■ Problem details
Search each line of the data for the word "pose"; copy every line where it is found.

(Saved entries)
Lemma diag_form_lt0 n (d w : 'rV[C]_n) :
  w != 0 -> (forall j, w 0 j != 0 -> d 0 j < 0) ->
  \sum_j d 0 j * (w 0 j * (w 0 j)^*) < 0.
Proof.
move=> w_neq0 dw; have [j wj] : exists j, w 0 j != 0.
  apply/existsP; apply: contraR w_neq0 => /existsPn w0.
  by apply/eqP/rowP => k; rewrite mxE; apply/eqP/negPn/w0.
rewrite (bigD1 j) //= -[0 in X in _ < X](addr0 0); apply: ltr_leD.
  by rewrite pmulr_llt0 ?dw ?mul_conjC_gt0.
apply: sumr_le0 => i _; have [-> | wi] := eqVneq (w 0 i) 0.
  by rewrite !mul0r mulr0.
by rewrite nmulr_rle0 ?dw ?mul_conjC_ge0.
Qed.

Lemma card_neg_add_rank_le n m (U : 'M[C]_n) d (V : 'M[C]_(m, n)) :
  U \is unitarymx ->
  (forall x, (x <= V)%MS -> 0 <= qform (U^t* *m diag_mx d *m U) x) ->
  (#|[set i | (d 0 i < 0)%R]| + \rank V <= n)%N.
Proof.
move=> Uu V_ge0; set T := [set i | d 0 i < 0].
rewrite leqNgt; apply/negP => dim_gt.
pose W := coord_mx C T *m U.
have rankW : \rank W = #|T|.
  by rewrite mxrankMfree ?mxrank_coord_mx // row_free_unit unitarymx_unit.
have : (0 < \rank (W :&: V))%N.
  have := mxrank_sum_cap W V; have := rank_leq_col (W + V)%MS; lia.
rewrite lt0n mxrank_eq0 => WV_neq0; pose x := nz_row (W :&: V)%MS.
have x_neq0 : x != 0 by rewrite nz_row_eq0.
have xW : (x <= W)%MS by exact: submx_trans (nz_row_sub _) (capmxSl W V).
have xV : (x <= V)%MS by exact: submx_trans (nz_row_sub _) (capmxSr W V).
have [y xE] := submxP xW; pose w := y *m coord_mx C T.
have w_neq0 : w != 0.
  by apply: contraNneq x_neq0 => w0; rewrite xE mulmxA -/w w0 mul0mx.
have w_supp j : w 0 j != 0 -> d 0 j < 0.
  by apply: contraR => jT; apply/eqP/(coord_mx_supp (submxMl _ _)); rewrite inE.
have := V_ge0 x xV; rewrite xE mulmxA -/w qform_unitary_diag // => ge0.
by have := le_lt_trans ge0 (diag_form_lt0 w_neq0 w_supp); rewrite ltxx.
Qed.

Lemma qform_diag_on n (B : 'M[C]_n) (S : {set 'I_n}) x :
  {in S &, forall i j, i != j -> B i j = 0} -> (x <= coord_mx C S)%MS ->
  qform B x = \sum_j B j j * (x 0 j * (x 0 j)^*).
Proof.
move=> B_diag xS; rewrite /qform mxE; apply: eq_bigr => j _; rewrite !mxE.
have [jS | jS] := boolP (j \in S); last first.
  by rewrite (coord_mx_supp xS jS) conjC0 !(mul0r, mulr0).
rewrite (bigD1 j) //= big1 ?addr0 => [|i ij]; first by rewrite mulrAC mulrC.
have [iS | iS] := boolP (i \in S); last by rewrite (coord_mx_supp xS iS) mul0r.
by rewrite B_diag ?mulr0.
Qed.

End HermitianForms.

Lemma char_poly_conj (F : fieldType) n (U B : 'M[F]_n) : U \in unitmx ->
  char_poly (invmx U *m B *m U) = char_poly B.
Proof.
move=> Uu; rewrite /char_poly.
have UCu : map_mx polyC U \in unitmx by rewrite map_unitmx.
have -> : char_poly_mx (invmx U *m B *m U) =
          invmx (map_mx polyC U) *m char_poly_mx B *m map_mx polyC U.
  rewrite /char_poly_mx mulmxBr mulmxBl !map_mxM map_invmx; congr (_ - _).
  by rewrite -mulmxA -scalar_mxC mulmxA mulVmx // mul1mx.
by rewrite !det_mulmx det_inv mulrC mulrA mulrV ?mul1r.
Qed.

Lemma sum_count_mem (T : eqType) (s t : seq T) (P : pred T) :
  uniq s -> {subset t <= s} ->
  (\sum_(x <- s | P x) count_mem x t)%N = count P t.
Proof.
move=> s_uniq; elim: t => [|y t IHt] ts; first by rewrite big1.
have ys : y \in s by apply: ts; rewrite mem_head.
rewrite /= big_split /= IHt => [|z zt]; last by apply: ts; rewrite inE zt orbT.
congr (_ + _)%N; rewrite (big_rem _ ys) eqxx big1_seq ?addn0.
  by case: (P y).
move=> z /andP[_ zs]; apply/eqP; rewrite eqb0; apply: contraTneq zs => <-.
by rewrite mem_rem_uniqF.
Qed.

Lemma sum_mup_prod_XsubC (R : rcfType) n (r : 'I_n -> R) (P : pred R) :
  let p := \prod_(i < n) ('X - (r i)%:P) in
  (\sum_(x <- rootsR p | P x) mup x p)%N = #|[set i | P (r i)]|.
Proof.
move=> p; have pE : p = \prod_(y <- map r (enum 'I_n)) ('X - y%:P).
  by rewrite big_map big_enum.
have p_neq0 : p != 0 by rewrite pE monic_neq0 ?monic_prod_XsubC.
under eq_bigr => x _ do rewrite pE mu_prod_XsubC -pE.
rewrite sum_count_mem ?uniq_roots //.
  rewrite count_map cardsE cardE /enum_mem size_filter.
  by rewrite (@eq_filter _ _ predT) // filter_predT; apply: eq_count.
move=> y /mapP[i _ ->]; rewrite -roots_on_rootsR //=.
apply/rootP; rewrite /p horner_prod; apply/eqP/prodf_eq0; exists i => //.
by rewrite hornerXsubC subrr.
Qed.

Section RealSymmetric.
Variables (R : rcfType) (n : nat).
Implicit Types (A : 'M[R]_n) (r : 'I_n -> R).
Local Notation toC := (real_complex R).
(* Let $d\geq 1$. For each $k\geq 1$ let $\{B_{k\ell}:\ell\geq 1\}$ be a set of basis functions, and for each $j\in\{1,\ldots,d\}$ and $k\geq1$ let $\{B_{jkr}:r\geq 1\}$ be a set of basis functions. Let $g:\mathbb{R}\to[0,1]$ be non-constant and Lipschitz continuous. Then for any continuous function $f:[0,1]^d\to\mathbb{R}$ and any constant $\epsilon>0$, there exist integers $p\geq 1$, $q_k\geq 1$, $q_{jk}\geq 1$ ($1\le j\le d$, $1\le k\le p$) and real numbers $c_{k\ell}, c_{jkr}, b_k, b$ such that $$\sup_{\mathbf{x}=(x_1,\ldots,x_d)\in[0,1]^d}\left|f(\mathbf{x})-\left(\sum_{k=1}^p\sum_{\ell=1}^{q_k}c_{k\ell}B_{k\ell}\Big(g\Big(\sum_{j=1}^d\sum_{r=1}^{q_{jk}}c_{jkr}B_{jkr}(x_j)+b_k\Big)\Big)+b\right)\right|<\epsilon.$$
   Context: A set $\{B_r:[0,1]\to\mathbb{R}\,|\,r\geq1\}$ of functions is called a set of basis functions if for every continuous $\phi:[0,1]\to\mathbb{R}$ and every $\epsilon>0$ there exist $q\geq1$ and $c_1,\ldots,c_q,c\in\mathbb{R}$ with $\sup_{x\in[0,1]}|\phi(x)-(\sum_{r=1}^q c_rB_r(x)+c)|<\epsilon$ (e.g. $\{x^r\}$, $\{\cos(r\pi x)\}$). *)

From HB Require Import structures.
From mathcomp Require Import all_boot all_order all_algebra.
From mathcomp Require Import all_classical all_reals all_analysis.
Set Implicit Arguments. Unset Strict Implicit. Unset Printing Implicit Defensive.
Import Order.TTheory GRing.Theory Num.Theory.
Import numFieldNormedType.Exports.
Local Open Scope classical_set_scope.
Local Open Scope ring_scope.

■ Solution
pose W := coord_mx C T *m U.
rewrite lt0n mxrank_eq0 => WV_neq0; pose x := nz_row (W :&: V)%MS.
have [y xE] := submxP xW; pose w := y *m coord_mx C T.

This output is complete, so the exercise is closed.